Nowadays, a daily increase of online available data leads to a growing need for that data to be organized and regularized. Textual data is all around us starting from web pages, e-books, media articles to emails or user comments. There are a lot of cases where automatic text classification would accelerate processing time (for example, detection of spam pages, personal email sorting, tagging products or document filtering). We can say that all organizations (e.g. academia, marketing or government) that deal with a lot of unstructured text, could handle that data much easier if it was standardized by categories/tags.

FFNnet — Illustration of machine learning classifier, image credit: Moosend.

Text classification or text categorization is an activity of labelling natural language texts with relevant predefined categories. The idea is to automatically organize text in different classes.
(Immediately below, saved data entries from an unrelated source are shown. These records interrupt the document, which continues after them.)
Lemma spoke_hub_owner_only w a m b g h :
  uniq (w :: a :: rcons m b) -> top a = [set a; w] -> top b = [set b; w] ->
  g \in cycle_edges (w :: a :: rcons m b) -> owns g w -> owns h w -> h = g.
Proof.
move=> U ta tb gC og oh; have [aw bw ab _ _] := uniq_spokes U.
have [eA eB] := cycle_edges_head_last U; rewrite /= last_rcons in eA eB.
have by_top u : top u = [set u; w] -> u != w -> g = top u -> h = g.
  move=> tu uw gE; rewrite gE in og *.
  by apply: (covets_owner_only _ og oh); apply: top_covets og _ uw; rewrite tu setU11.
have wB : w \in [set b; w] by rewrite !inE eqxx orbT.
case/or3P: (cycle_edges_deg2 U gC eA eB (owns_mem og) (setU11 _ _) wB) => /eqP E.
- by apply: (by_top a) => //; rewrite ta setUC.
- by apply: (by_top b) => //; rewrite tb.
- have : a \in [set b; w] by rewrite -E !inE eqxx orbT.
  by rewrite !inE (negbTE ab) (negbTE aw).
Qed.

Lemma spoke_hub_owns_cycle_edge w a m b h :
  is_cycle e (w :: a :: rcons m b) -> ~~ odd (size m) ->
  top a = [set a; w] -> top b = [set b; w] ->
  {in m, forall z, top z = [set z; partner m z]} ->
  sec w = cycle_edges (w :: a :: rcons m b) -> top w \notin edges e ->
  owns h w -> h \in cycle_edges (w :: a :: rcons m b).
Proof.
set C := cycle_edges _ => cy evm ta tb tops sw tw ohw.
case/and3P: (cy) => _ U _; have [_ _ _ _ Um] := uniq_spokes U.
have [eA eB] := cycle_edges_head_last U; rewrite /= last_rcons -/C in eA eB.
(* Were h off the cycle, w would own no cycle edge and value its bundle at 0. *)
apply: contraT => hC.
have none g : g \in C -> ~~ owns g w.
  by move=> gC; apply: contra hC => og; rewrite (spoke_hub_owner_only U ta tb gC og ohw).
have w0 h' : owns h' w -> weight w h' = 0.
  move=> oh'; have h'C : h' \notin C by apply: contraL oh'; apply: none.
  have h't : h' != top w by apply: contraNneq tw => <-; case/andP: oh'.
  by rewrite /weight sw (negbTE h'C) (negbTE h't).
have covets_w g : g \in C -> w \in g -> covets w g by move=> gC wg; apply: sec_covets; rewrite ?sw.
have [g gC og] : exists2 g, g \in C & owns g w.
  apply: cycle_hub_owns (mem_head _ _) _ => // v.
  rewrite mem_spokes => /or4P[/eqP-> | /eqP-> | /eqP-> | vm]; rewrite ?eqxx // => _.
  - apply: (cycle_owns_le1 U eA); first by rewrite !inE eqxx orbT.
    by move=> _; apply: covets_w; rewrite ?setU11.
  - apply: (cycle_owns_le1 U eB); first by rewrite setU11.
    by move=> _; apply: covets_w; rewrite ?inE ?eqxx ?orbT.
  - exact: (paired_owns_le1 U Um evm (seq_edges_sub_spokes U) tops vm).
by move: (none _ gC); rewrite og.
Qed.

Lemma joined_path_end_owns x r p :
  is_cycle e (x :: r) -> ~~ odd (size r) ->
  {in r, forall z, top z = [set z; partner r z]} ->
  path e x p -> uniq (x :: p) -> 0 < size p -> head x p \notin x :: r ->
  (forall k, k <= size p -> mate k <= size p ->
     top (nth x (x :: p) k) = [set nth x (x :: p) k; nth x (x :: p) (mate k)]) ->
  owns [set nth x (x :: p) (size p).-1; last x p] (last x p).
Proof.
move=> cy evr tops pa Up p0 p1r topp; set L := size p in p0 topp *.
pose s := nth x (x :: p).
have s_inj i j : i <= L -> j <= L -> s i = s j -> i = j.
  by move=> iL jL /eqP; rewrite nth_uniq // => /eqP.
have Ee i : i < L -> [set s i; s i.+1] \in edges e.
  by move=> iL; apply: edge_of_rel; exact: (pathP x pa i iL).
have owner_only k h : k <= L -> mate k <= L ->
    owns (top (s k)) (s k) -> owns h (s k) -> h = top (s k).
  move=> kL mkL; apply: (shared_top_owner_only (u := s (mate k))).
  - by rewrite !topp ?mateK // setUC.
  - by rewrite topp // !inE eqxx orbT.
  - by apply/eqP => /(s_inj _ _ mkL kL) mE; move: (mate_neq k); rewrite mE eqxx.
have [g1 g1C og1] := paired_cycle_hub_owns cy evr tops.
have n0 : ~~ owns [set s 0; s 1] (s 0).
  apply/negP => o0; have t0 : top (s 0) = [set s 0; s 1] by rewrite topp.
  rewrite -t0 in o0; have := owner_only 0 _ isT p0 o0 og1; rewrite t0 => g1E.
  have Ux : uniq (x :: r) by case/and3P: cy.
  have : s 1 \in x :: r by apply: (mem_cycle_edges Ux g1C); rewrite g1E !inE eqxx orbT.
  by rewrite /s /= nth0 (negbTE p1r).
rewrite (last_nth x); have -> : nth x (x :: p) L = s L.-1.+1 by rewrite prednK.
have pL : L.-1 < L by rewrite ltn_predL.
apply: (walk_owns_forward Ee n0 _ pL) => k /andP[k0 kL] o1 o2.
have km : mate k <= L by case: (mate_adjacent k); lia.
have tk : top (s k) = [set s k; s (mate k)] by rewrite topp // ltnW.
have neq : [set s k.-1; s k] != [set s k; s k.+1].
  by apply: set2_shift_neq; apply/eqP => /s_inj; lia.
have ot : owns (top (s k)) (s k).
  rewrite tk; case: (mate_adjacent k) => mE; first by rewrite mE.
  have -> : mate k = k.-1 by lia.
  by rewrite setUC.
by move: neq; rewrite (owner_only k _ (ltnW kL) km ot o1) (owner_only k _ (ltnW kL) km ot o2) eqxx.
Qed.

Lemma shared_edge_not_owned x y r1 r2 a :
  is_cycle e (x :: r1) -> is_cycle e (y :: r2) ->
  ~~ odd (size r1) -> ~~ odd (size r2) -> a = [set x; y] -> y \in r1 ->
  cycle_edges (x :: r1) :&: cycle_edges (y :: r2) = [set a] ->
  {in r1, forall z, top z = [set z; partner r1 z]} ->
  {in r2, forall z, top z = [set z; partner r2 z]} ->
  sec y = [set a] -> ~~ owns a x.
Proof.
move=> cy1 cy2 ev1 ev2 aE yr1 I tops1 tops2 sy; apply/negP => oax.
case/and3P: (cy1) => _ U1 _; case/andP: (U1) => xr1 Ur1.
have xy : x != y by apply: contraNneq xr1 => ->.
have nay : ~~ owns a y by case/andP: oax => _ /eqP oa; rewrite /owns oa (negbTE xy) andbF.
have [aC1 aC2] : a \in cycle_edges (x :: r1) /\ a \in cycle_edges (y :: r2).
  by apply/andP; rewrite -in_setI I set11.
have sub1 : seq_edges r1 \subset cycle_edges (x :: r1).
  exact: seq_edges_sub_cycle.
have [g2 g2C og2] := paired_cycle_hub_owns cy2 ev2 tops2.
have [ur1 uy uuy yuE] := partner_spec Ur1 ev1 yr1; set u := partner r1 y in ur1 uy uuy yuE.
have ty : top y = [set y; u] by rewrite tops1.
have xty : x \notin top y.
  by rewrite ty !inE negb_or xy /=; apply: contraNneq xr1 => ->.
have ny : ~~ owns (top y) y.
  apply/negP => oty; have tuy : top u = top y by rewrite ty tops1 // uuy setUC.
  have uty : u \in top y by rewrite ty !inE eqxx orbT.
  have g2E := shared_top_owner_only tuy uty uy oty og2.
  have : top y \in [set a] by rewrite -I inE -{2}g2E g2C ty (subsetP sub1 _ yuE).
  by rewrite inE => /eqP tyE; move: xty; rewrite tyE aE !inE eqxx.
have x_only h : owns h x -> h = a.
  apply: (covets_owner_only (u := y) _ oax); apply: sec_covets.
  - by rewrite sy inE.
  - by rewrite aE !inE eqxx orbT.
  move=> h' oh'; rewrite /weight sy inE.
  have -> : (h' == top y) = false by apply: contraNF ny => /eqP <-.
  have -> // : (h' == a) = false.
  by apply: contraTF oh' => /eqP ->.
have [g gC og] : exists2 g, g \in cycle_edges (x :: r1) & owns g y.
  apply: cycle_hub_owns; rewrite ?inE ?yr1 ?orbT // => v; rewrite inE => /orP[/eqP-> _ | vr _].
    by move=> g h _ _ /x_only -> /x_only ->.
  exact: (paired_owns_le1 U1 Ur1 ev1 sub1 tops1 vr).
have ya : y \in a by rewrite aE !inE eqxx orbT.
have yty : y \in [set y; u] by rewrite !inE eqxx.
case/or3P: (cycle_edges_deg2 U1 gC aC1 (subsetP sub1 _ yuE) (owns_mem og) ya yty) => /eqP E.
- by move: nay; rewrite -E og.
- by move: ny; rewrite ty -E og.
- by move: xty; rewrite ty -E aE !inE eqxx.
Qed.
End TieredValuation.

Section Obstructions.
Variables (T : finType) (e : rel T) (R : realType).
Hypothesis eirr : irreflexive e.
It can drastically simplify and speed-up your search through the documents or texts!

Imagine, you own a large e-commerce website which shows relevant products to a user based on his/her search and preferences. Every time you want to add new products you have to read their descriptions and manually assign a category to them. This procedure can cost you too much time and money, especially if you have a high fluctuation of the available products. But, if you develop an automatic text classifier, you can easily add many new products and tag them automatically without actually reading the descriptions! You can also create a classifier to link search texts to the item categories for a better user experience.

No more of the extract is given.